(RECORDED INFORMATION begins)
(* Let $A$ be a complete filtered associative algebra over a field $\mathbb{K}$ of characteristic zero, and let $P:A\to A$ be a linear map preserving the filtration, i.e. $P(A_n)\subseteq A_n$ for all $n$. Put $\tilde P:=\mathrm{id}_A-P$. Then there exists a unique (in general non-linear) map $\chi:A_1\to A_1$ such that $(\chi-\mathrm{id}_A)(A_i)\subseteq A_{2i}$ for every $i\ge 1$ and $$\forall a\in A_1:\quad a=C\big(P(\chi(a)),\,\tilde P(\chi(a))\big).$$ Moreover $\chi$ is bijective, and its inverse is $$\chi^{-1}(a)=C\big(P(a),\tilde P(a)\big)=a+\mathrm{BCH}\big(P(a),\tilde P(a)\big),\qquad a\in A_1.$$
   Context: A complete filtered associative algebra is an associative $\mathbb{K}$-algebra $A$ with a decreasing filtration $A=A_0\supseteq A_1\supseteq A_2\supseteq\cdots$ by subalgebras such that $A_mA_n\subseteq A_{m+n}$ and $A\cong\varprojlim A/A_n$. On $A_1$ the maps $\exp:A_1\to 1+A_1$, $\exp(a)=\sum_{n\ge0}a^n/n!$, and $\log:1+A_1\to A_1$, $\log(1+a)=-\sum_{n\ge1}(-a)^n/n$, are mutually inverse bijections. $\mathrm{BCH}(x,y)$ denotes the Baker--Campbell--Hausdorff series, i.e. the element of the free complete algebra $\mathbb{Q}\langle\langle x,y\rangle\rangle$ with $\exp(x)\exp(y)=\exp(x+y+\mathrm{BCH}(x,y))$; it is a series of iterated commutators $[u,v]=uv-vu$ beginning $\tfrac12[x,y]+\tfrac1{12}[x,[x,y]]-\tfrac1{12}[y,[x,y]]+\cdots$. For $u,v\in A_1$ put $C(u,v):=u+v+\mathrm{BCH}(u,v)=\log(\exp(u)\exp(v))\in A_1$. *)

From HB Require Import structures.
From mathcomp Require Import all_boot all_order all_algebra.
From Stdlib Require Import ClassicalEpsilon.
Set Implicit Arguments. Unset Strict Implicit. Unset Printing Implicit Defensive.
Import Order.TTheory GRing.Theory Num.Theory.
Local Open Scope ring_scope.

(* A complete filtered associative K-algebra structure on A, given by the
   decreasing filtration F 0 = A ⊇ F 1 ⊇ F 2 ⊇ ... of subspaces with
   F m * F n ⊆ F (m+n), Hausdorff (∩ F n = 0, injectivity of A -> lim A/A_n)
   and complete (every compatible family in lim A/A_n lifts to A). *)
Record complete_filtration (K : fieldType) (A : algType K)
    (F : nat -> A -> Prop) : Prop := {
  filt_top : forall a, F 0%N a;
  filt_decr : forall n a, F n.+1 a -> F n a;
  filt_0 : forall n, F n 0;
  filt_add : forall n a b, F n a -> F n b -> F n (a + b);
  filt_scale : forall n (k : K) a, F n a -> F n (k *: a);
  filt_mul : forall m n a b, F m a -> F n b -> F (m + n)%N (a * b);
  filt_sep : forall a, (forall n, F n a) -> a = 0;
  filt_complete : forall x : nat -> A, (forall n, F n (x n.+1 - x n)) ->
      exists l, forall n, F n (l - x n)
}.

Definition series_to (A : zmodType) (F : nat -> A -> Prop) (f : nat -> A) (s : A) :=
  forall n, exists N, forall M, (N <= M)%N -> F n (s - \sum_(k < M) f k).

Definition fsum (A : zmodType) (F : nat -> A -> Prop) (f : nat -> A) : A :=
  epsilon (inhabits 0) (fun s => series_to F f s).

Definition fexp (K : fieldType) (A : algType K) (F : nat -> A -> Prop) (a : A) : A :=
  fsum F (fun n => (n`!%:R : K)^-1 *: a ^+ n).

(* log (1 + a) = - sum_{n>=1} (-a)^n / n ; flog x is log of x = 1 + (x - 1) *)
Definition flog (K : fieldType) (A : algType K) (F : nat -> A -> Prop) (x : A) : A :=
  - fsum F (fun n => if n is 0%N then 0 else (n%:R : K)^-1 *: (- (x - 1)) ^+ n).

(* C(u, v) = log (exp u exp v) = u + v + BCH(u, v) *)
Definition fC (K : fieldType) (A : algType K) (F : nat -> A -> Prop) (u v : A) : A :=
  flog F (fexp F u * fexp F v).

From HB Require Import structures.
From mathcomp Require Import all_boot all_order all_algebra zify.
From Stdlib Require Import ClassicalEpsilon.
Set Implicit Arguments. Unset Strict Implicit. Unset Printing Implicit Defensive.
Import GRing.Theory.
Local Open Scope ring_scope.

(* Let Phi a := C(P a, a - P a). Since exp x and log (1 + x) agree with 1 + x
   and x up to terms of degree >= 2, C(u, v) - (u + v) is quadratic: it maps
   A_i into A_2i and raises the filtration degree of differences on A_1 by one.
   Hence so is Phi - id, which makes Phi injective on A_1, and the iteration
   a_(n+1) = c - (Phi - id) a_n converges in the complete filtration to a
   preimage of c. So Phi is a bijection of A_1, chi is its inverse, and the
   uniqueness of chi is the injectivity of Phi. *)

Lemma subrACA (V : zmodType) (a b c d : V) : (a - b) - (c - d) = (a - c) - (b - d).
Proof. by rewrite !opprB addrACA [RHS]addrACA [- b + _]addrC. Qed.

Section CompleteFiltration.

Variables (K : fieldType) (A : algType K) (F : nat -> A -> Prop).
Hypothesis HF : complete_filtration F.

Lemma filt_le m n a : (n <= m)%N -> F m a -> F n a.
Proof.
move=> /subnK <-; elim: (m - n)%N => //= d IH Fa; apply: IH.
by apply: (filt_decr HF); rewrite -addSn.
Qed.

Lemma filt_opp n a : F n a -> F n (- a).
Proof. by move=> Fa; rewrite -scaleN1r; apply: (filt_scale HF). Qed.

Lemma filt_sub n a b : F n a -> F n b -> F n (a - b).
Proof. by move=> Fa Fb; apply: (filt_add HF) => //; apply: filt_opp. Qed.

Lemma filt_sum n (I : Type) (r : seq I) (f : I -> A) :
  (forall i, F n (f i)) -> F n (\sum_(i <- r) f i).
Proof.
move=> Ff; elim: r => [|i r IH]; first by rewrite big_nil; apply: (filt_0 HF).
by rewrite big_cons; apply: (filt_add HF).
Qed.

Lemma filt_exp i x k : F i x -> F (k * i) (x ^+ k).
Proof.
move=> Fx; elim: k => [|k IH]; first by rewrite expr0; apply: (filt_top HF).
by rewrite exprS mulSn; apply: (filt_mul HF).
Qed.

Lemma filt_expB j x y k : F 1 x -> F 1 y -> F j (x - y) ->
  F (j + k) (x ^+ k.+1 - y ^+ k.+1).
Proof.
move=> Fx Fy Fxy; elim: k => [|k IH]; first by rewrite addn0 !expr1.
have -> : x ^+ k.+2 - y ^+ k.+2 = x * (x ^+ k.+1 - y ^+ k.+1) + (x - y) * y ^+ k.+1.
  by rewrite mulrBr mulrBl addrA subrK -!exprS.
apply: (filt_add HF); first by rewrite addnS -add1n; apply: (filt_mul HF).
by apply: (filt_mul HF) => //; rewrite -{1}[k.+1]muln1; apply: filt_exp.
Qed.

Lemma filt_eq a b : (forall n, F n (a - b)) -> a = b.
Proof. by move=> Fab; apply/eqP; rewrite -subr_eq0; apply/eqP; apply: (filt_sep HF). Qed.

Lemma series_to_unique f s t : series_to F f s -> series_to F f t -> s = t.
Proof.
move=> fs ft; apply: filt_eq => n.
have [[M fsM] [N ftN]] := (fs n, ft n); set S := \sum_(k < maxn M N) f k.
have -> : s - t = (s - S) - (t - S) by rewrite opprB addrA subrK.
by apply: filt_sub; [apply: fsM; rewrite leq_maxl | apply: ftN; rewrite leq_maxr].
Qed.

Lemma series_to_fsum f s : series_to F f s -> fsum F f = s.
Proof.
move=> fs; apply: (series_to_unique _ fs).
by apply: (epsilon_spec (inhabits 0) (series_to F f)); exists s.
Qed.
(RECORDED INFORMATION ends)
— GOAL OF THE EXERCISE —
Using the listing above, pick out each line that contains the word "inhabits", then copy it.

— SOLUTION BELOW —
  epsilon (inhabits 0) (fun s => series_to F f s).
by apply: (epsilon_spec (inhabits 0) (series_to F f)); exists s.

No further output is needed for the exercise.